CS 251: Lab #2

Lab 2: Managing Data

Project due Monday night Feb 24, 2014

The purpose of this week's lab is to develop a Data class that can read in a properly formatted csv data file.

Data Format

In order to make reading the data straightforward, we're going to use a general format for the data that simplifies the task. In general, the data should have the following properties.

Data Class

The Data class should have methods that tell it to read in a csv data file as described above and to access data (e.g. retrieve all the data for a particular column). The data will be stored in two forms.

  1. Raw form: In the raw form, each line is a list of strings (i.e. the result of reading in the line and calling split(',')). We keep the raw data in this format so that we have an accurate view of the file and so that that we can retrieve values of non-numericl columns.
  2. Matrix form: Most of the analysis and display will use only the numeric columns of the data. We store those in a numpy matrix.

In lab, we will write the methods associated with the raw data. They will all have the word raw in them. In the project, we will write the methods associated with the numeric data.


  1. Create a python file data.py and write the code for the Data class.
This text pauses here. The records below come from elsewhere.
Lemma F_LP_margY_le r q : is_dist r -> is_dist q ->
  (F_LP alpha pX W r (margY r) <= F_LP alpha pX W r q)%E.
Proof.
move=> rd [q0 q1]; have [r0 _] := rd.
rewrite (F_LPE r q); case: ifP => dom; last exact: leey.
have /and3P [dW dq dp] := dom.
have domY : F_LP_dom r (margY r).
  rewrite /F_LP_dom dW dp andbT /=; apply/forallP => z; apply/implyP => rz.
  have rz_gt0 : 0 < r z by rewrite lt0r rz r0.
  rewrite mulf_neq0 // gt_eqF // (lt_le_trans rz_gt0) //.
    exact: le_margX.
  exact: le_margY.
rewrite F_LPE domY lee_fin /F_LP_fin lerD2r lerD2l (KL_prod_margY r0 q0 dq) lerDl.
have := gibbs_inequality (margY_dist rd) q0; rewrite q1 ln1 oppr0; apply.
apply/forallP => y; apply/implyP => vy.
have [x /andP [_ rxy]] := psumr_neq0P (fun x _ => r0 (x, y)) (elimN eqP vy).
by have := implyP (forallP dq (x, y)) (lt0r_neq0 rxy); rewrite mulf_eq0 negb_or => /andP [].
Qed.

Lemma Zx_ge0 q x : 0 <= Zx alpha W q x.
Proof. by apply: sumr_ge0 => y _; rewrite mulr_ge0 ?powR_ge0. Qed.

Lemma Zx_gt0 q x y : 0 < W x y -> 0 < q y -> 0 < Zx alpha W q x.
Proof.
move=> wp qp; apply: (@lt_le_trans _ _ (W x y `^ alpha * q y `^ (1 - alpha))).
  by rewrite mulr_gt0 ?powR_gt0.
rewrite /Zx (bigD1 y) //= lerDl; apply: sumr_ge0 => i _.
by rewrite mulr_ge0 ?powR_ge0.
Qed.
The constructor for the Data class should have the option of taking in a filename and then reading the data from the file. The data file should be in the format described above. You may also want your constructor to be able to take in a list of lists that represents a data set, but this is optional.
  2. Create a method for reading the data from a file. The method should put the original data in string format into a list of lists, with one sublist for each data point. In addition, the method should store the headers and types read from the data file. (Note: You might want to write just part of the read method and then test it by writing the accessor methods that get at what you have so far.)
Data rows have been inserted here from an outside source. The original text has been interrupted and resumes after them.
Scheme cf_sym_mind := Induction for cf_sym Sort Prop
  with cf_seq_mind := Induction for cf_seq Sort Prop.
Combined Scheme cf_mutind from cf_sym_mind, cf_seq_mind.

Section Grammar.
Variables N A : finType.
Variable P : seq (N * seq (N + A)%type).
Local Notation Sym := (N + A)%type.

Lemma cf_seq_cat g1 g2 w1 w2 :
  cf_seq P g1 w1 -> cf_seq P g2 w2 -> cf_seq P (g1 ++ g2) (w1 ++ w2).
Proof. by elim=> //= s g u v Hs _ IH H2; rewrite -catA; apply: cf_cons => //; exact: IH. Qed.

Lemma cf_seq1 s w : cf_seq P [:: s] w <-> cf_sym P s w.
Proof.
split=> [H|H]; last by rewrite -[w]cats0; apply: cf_cons H (cf_nil _).
by inversion H; subst; inversion H4; subst; rewrite cats0.
Qed.

Lemma cf_seq_nil w : cf_seq P [::] w -> w = [::].
Proof. by move=> H; inversion H. Qed.

(* [left_corner X s u]: s occurs in a rule Z -> al s be with al nullable and be
   deriving a prefix of u, where Z is in turn a left corner of X; so any
   derivation t of s extends to a derivation t ++ u of X. *)
Inductive left_corner (X : N) : Sym -> seq A -> Prop :=
| lc_refl : left_corner X (inl X) [::]
| lc_step Z al s be v u : (Z, al ++ s :: be) \in P -> cf_seq P al [::] ->
    cf_seq P be v -> left_corner X (inl Z) u -> left_corner X s (v ++ u).

Lemma left_corner_trans X Y s u v :
  left_corner Y s u -> left_corner X (inl Y) v -> left_corner X s (u ++ v).
Proof.
elim=> // Z al s' be v' u' Hin Hal Hbe _ IH H; rewrite -catA.
exact: lc_step Hin Hal Hbe (IH H).
Qed.

Lemma left_corner_sound X s u :
  left_corner X s u -> forall t, cf_sym P s t -> cf_sym P (inl X) (t ++ u).
Proof.
elim=> [|Z al s' be v u' Hin Hal Hbe _ IH] t Ht; first by rewrite cats0.
rewrite catA; apply: IH; apply: cf_nonterm Hin _.
by rewrite -[t ++ v]cat0s; apply: cf_seq_cat => //; exact: cf_cons.
Qed.

Definition leads_with (s : Sym) (a : A) (u : seq A) : Prop :=
  (s = inr a /\ u = [::]) \/ (exists Y, s = inl Y /\ left_corner Y (inr a) u).

Definition seq_leads_with (g : seq Sym) (a : A) (w : seq A) : Prop :=
  exists al s be u v, [/\ g = al ++ s :: be, cf_seq P al [::], leads_with s a u,
                          cf_seq P be v & w = u ++ v].

Lemma leads_with_rule X al s be u v a :
  (X, al ++ s :: be) \in P -> cf_seq P al [::] -> leads_with s a u ->
  cf_seq P be v -> leads_with (inl X) a (u ++ v).
Proof.
move=> Hin Hal [[Es ->]|[Y [Es HY]]] Hbe; subst s; right; exists X; split => //.
  by rewrite -[v]cats0; exact: lc_step Hin Hal Hbe (lc_refl _).
by apply: left_corner_trans HY _; rewrite -[v]cats0; exact: lc_step Hin Hal Hbe (lc_refl _).
Qed.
    You will likely want to use this set of fields to manage the raw data:

    • raw_headers (list of all headers)
    • raw_types (list of all types)
    • raw_data (list of lists of all data. Each row is a list of strings)
    • header2raw (dictionary mapping header string to index of column in raw data)

    Note: Once you get to the project, you will need to add fields and code to the read method in order to handle the numeric data.
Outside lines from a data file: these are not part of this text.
(* It is undecidable whether, for an arbitrary ranked alphabet $\Sigma$, computable strong bimonoid $B$, and bottom-up deterministic $(\Sigma,B)$-wta $\mathcal{A}$, the wta $\mathcal{A}$ has the finite order property.
   Context: Ranked alphabet $\Sigma$ ($\Sigma^{(0)}\ne\emptyset$). Strong bimonoid $(B,\oplus,\otimes,\mathbb{0},\mathbb{1})$: commutative monoid $(B,\oplus,\mathbb{0})$, monoid $(B,\otimes,\mathbb{1})$, $\mathbb{0}\ne\mathbb{1}$, $\mathbb{0}$ absorbing; computable if $B$ is recursive and $\oplus,\otimes$ computable. For $b\in B$, $nb$ is the $n$-fold sum; $b$ has finite order in $(B,\oplus,\mathbb{0})$ if $\{nb\mid n\in\mathbb{N}\}$ is finite. $(\Sigma,B)$-wta $\mathcal{A}=(Q,\delta,F)$: $Q$ finite nonempty, $\delta_k:Q^k\times\Sigma^{(k)}\times Q\to B$, $F:Q\to B$; bottom-up deterministic if for all $k,\sigma,q_1,\dots,q_k$ at most one $q$ has $\delta_k(q_1\dots q_k,\sigma,q)\ne\mathbb{0}$. $H_{\mathcal{A}}$ is the smallest subset of $B$ containing $\bigcup_k\mathrm{im}(\delta_k)$ and closed under $\otimes$. $\mathcal{A}$ has the finite order property if $H_{\mathcal{A}}$ is finite and every element of $\{a\otimes c\mid a\in H_{\mathcal{A}},c\in\mathrm{im}(F)\}$ has finite order in $(B,\oplus,\mathbb{0})$. *)

From mathcomp Require Import all_boot.

Set Implicit Arguments.
Unset Strict Implicit.
Unset Printing Implicit Defensive.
    Note: You may test your Data class using testdata1.csv and testdata2.csv.

  3. Write at least these helpful accessor methods. Note that to extract specific columns from a Data object, you will use the column's header (as apposed to an index).
    • get_raw_headers: returns a list of all of the headers.
    • get_raw_types: returns a list of all of the types.
    • get_raw_num_columns: returns the number of columns in the raw data set
    • get_raw_num_rows: returns the number of rows in the data set
    • get_raw_row: returns a row of data (the type is list) (Note: since there will be the same number of rows in the raw and numerica data, Stephanie is writing just one method and isn't added the name raw to this one. You can do something different if you want.)
    • get_raw_value: takes a row index (an int) and column header (a string) and returns the raw data at that location. (The return type will be a string)
  4. You may test your methods with lab2_test1.py if you would like to.
  5. Create a method that nicely prints out the data to the command line.

When you are done with the lab exercises, you may start on the rest of the project.